Background information
What version of Open MPI are you using? (e.g., v1.10.3, v2.1.0, git branch name and hash, etc.)
Open MPI: 4.0.1
Open MPI repo revision: v4.0.1
Open MPI release date: Mar 26, 2019
Describe how Open MPI was installed (e.g., from a source/distribution tarball, from a git clone, from an operating system distribution package, etc.)
Built from https://download.open-mpi.org/release/open-mpi/v4.0/openmpi-4.0.1.tar.gz
portals4 was built from a git clone.
Configured with ../configure --prefix=pwd/../_install --with-portals4=/home/pt2/portals4/_install
Please describe the system on which you are running
- Operating system/version: Debian 8
- Computer hardware: Intel(R) Xeon(R) CPU E5-1650 v3 @ 3.50GHz
- Network type: Ethernet
Details of the problem
When I launch an MPI program, it crashes immediately in MPI_Init.
The stack trace varies slightly sometimes, but is always something like:
[ 0] /lib/x86_64-linux-gnu/libpthread.so.0(+0xf8d0)[0x7fe7978538d0]
[ 1] /lib/x86_64-linux-gnu/libc.so.6(gsignal+0x37)[0x7fe7974ce067]
[ 2] /lib/x86_64-linux-gnu/libc.so.6(abort+0x148)[0x7fe7974cf448]
[ 3] /home/pt2/portals4/_build/../_install/lib/libportals.so.4(+0x12497)[0x7fe786575497]
[ 4] /home/pt2/portals4/_build/../_install/lib/libportals.so.4(PtlMEUnlink+0x2d)[0x7fe78656f5dd]
[ 5] /home/pt2/openmpi-4.0.1/_build/../_install/lib/openmpi/mca_mtl_portals4.so(ompi_mtl_portals4_flowctl_fini+0x13)[0x7fe7867934e3]
[ 6] /home/pt2/openmpi-4.0.1/_build/../_install/lib/openmpi/mca_mtl_portals4.so(ompi_mtl_portals4_finalize+0x18)[0x7fe78678ba28]
[ 7] /home/pt2/openmpi-4.0.1/_install/lib/libmpi.so.40(mca_pml_base_select+0x376)[0x7fe797b1ed46]
[ 8] /home/pt2/openmpi-4.0.1/_install/lib/libmpi.so.40(ompi_mpi_init+0x692)[0x7fe797aab792]

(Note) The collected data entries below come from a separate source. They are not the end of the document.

Lemma TGb_zmod : zmod_closed TGb.
Proof.
split; first by apply/pboolP => phi _; rewrite evalp0.
move=> f g /pboolP hf /pboolP hg; apply/pboolP => phi hphi.
by rewrite evalpB hf // hg // subr0.
Qed.

HB.instance Definition _ := GRing.isZmodClosed.Build R TGb TGb_zmod.

Lemma TGbMl (a f : R) : f \in TGb -> a * f \in TGb.
Proof.
move=> /pboolP hf; apply/pboolP => phi hphi.
by rewrite evalpM hf // mulr0.
Qed.

Lemma TGbMr (a f : R) : f \in TGb -> f * a \in TGb.
Proof.
move=> /pboolP hf; apply/pboolP => phi hphi.
by rewrite evalpM hf // mul0r.
Qed.

Definition UG := Quotient.quot TGb.
HB.instance Definition _ := Choice.on UG.
HB.instance Definition _ := GRing.Zmodule.on UG.

Local Open Scope quotient_scope.

Definition UG_one : UG := lift_cst UG 1.
Definition UG_mul := lift_op2 UG *%R.

Lemma pi_UG_one : \pi_UG 1 = UG_one.
Proof. by unlock UG_one. Qed.

Lemma pi_UG_mul : {morph \pi_UG : x y / x * y >-> UG_mul x y}.
Proof.
move=> x y; unlock UG_mul; apply/eqP; rewrite piE Quotient.equivE.
have hx : x - repr (\pi_UG x) \in TGb by rewrite Quotient.idealrBE reprK.
have hy : y - repr (\pi_UG y) \in TGb by rewrite Quotient.idealrBE reprK.
move: (repr (\pi_UG x)) (repr (\pi_UG y)) hx hy => x' y' hx hy.
have -> : x * y - x' * y' = x * (y - y') + (x - x') * y'.
  by rewrite mulrBr mulrBl addrA subrK.
by apply: rpredD; [apply: TGbMl | apply: TGbMr].
Qed.

Lemma UG_mulA : associative UG_mul.
Proof.
by move=> x y z; rewrite -[x]reprK -[y]reprK -[z]reprK -!pi_UG_mul mulrA.
Qed.
Lemma UG_mul1q : left_id UG_one UG_mul.
Proof. by move=> x; rewrite -[x]reprK -pi_UG_one -pi_UG_mul mul1r. Qed.
Lemma UG_mulq1 : right_id UG_one UG_mul.
Proof. by move=> x; rewrite -[x]reprK -pi_UG_one -pi_UG_mul mulr1. Qed.
Lemma UG_mulDl : left_distributive UG_mul +%R.
Proof.
move=> x y z; rewrite -[x]reprK -[y]reprK -[z]reprK.
by rewrite -!pi_addr -!pi_UG_mul mulrDl pi_addr.
Qed.
Lemma UG_mulDr : right_distributive UG_mul +%R.
Proof.
move=> x y z; rewrite -[x]reprK -[y]reprK -[z]reprK.
by rewrite -!pi_addr -!pi_UG_mul mulrDr pi_addr.
Qed.

HB.instance Definition _ := GRing.Zmodule_isPzRing.Build UG
  UG_mulA UG_mul1q UG_mulq1 UG_mulDl UG_mulDr.

Definition piUG (f : R) : UG := \pi_UG f.

End TGIdeal.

[ 9] /home/pt2/openmpi-4.0.1/_install/lib/libmpi.so.40(MPI_Init+0x5b)[0x7fe797ad96ab]
[10] ./a.out[0x400858]
[11] /lib/x86_64-linux-gnu/libc.so.6(__libc_start_main+0xf5)[0x7fe7974bab45]
[12] ./a.out[0x400769]
*** End of error message ***
Interestingly, this happens even if I don't select portals4 as the btl. For example:
`which mpirun` --report-bindings -mca btl tcp,self -n 2 -H bold-node012,bold-node013 ./a.out
If I compile without portals4, this same command line launches the hello world program correctly.
If I run ./a.out without mpirun, it also crashes. gdb gives a more detailed stack trace:
#0 0x00007ffff7537067 in __GI_raise (sig=sig@entry=6) at ../nptl/sysdeps/unix/sysv/linux/raise.c:56
#1 0x00007ffff7538448 in __GI_abort () at abort.c:89
#2 0x00007fffe6fb94d3 in to_obj (type=POOL_ME, handle=0) at ../../../src/ib/ptl_obj.c:497
#3 0x00007fffe6fb09c0 in to_me (handle=0, me_p=0x7fffffffe8e0) at ../../../src/ib/ptl_me.h:78
#4 0x00007fffe6fb10f1 in PtlMEUnlink (me_handle=0) at ../../../src/ib/ptl_me.c:423
#5 0x00007fffe48de4e3 in ompi_mtl_portals4_flowctl_fini () from /home/pt2/openmpi-4.0.1/_build/../_install/lib/openmpi/mca_mtl_portals4.so
#6 0x00007fffe48d6a28 in ompi_mtl_portals4_finalize () from /home/pt2/openmpi-4.0.1/_build/../_install/lib/openmpi/mca_mtl_portals4.so
#7 0x00007ffff7b87d46 in mca_pml_base_select () from /home/pt2/openmpi-4.0.1/_build/../_install/lib/libmpi.so.40
#8 0x00007ffff7b14792 in ompi_mpi_init () from /home/pt2/openmpi-4.0.1/_build/../_install/lib/libmpi.so.40
#9 0x00007ffff7b426ab in PMPI_Init () from /home/pt2/openmpi-4.0.1/_build/../_install/lib/libmpi.so.40
#10 0x0000000000400858 in main (argc=1, argv=0x7fffffffec38) at hello.c:5
I noticed that portals4 sometimes fails a test when I run make check (may be this issue ), so it could be a portals4 issue.
I also tried configuring with --enable-btl-portals4-flow-control, but it does not seem to make a difference.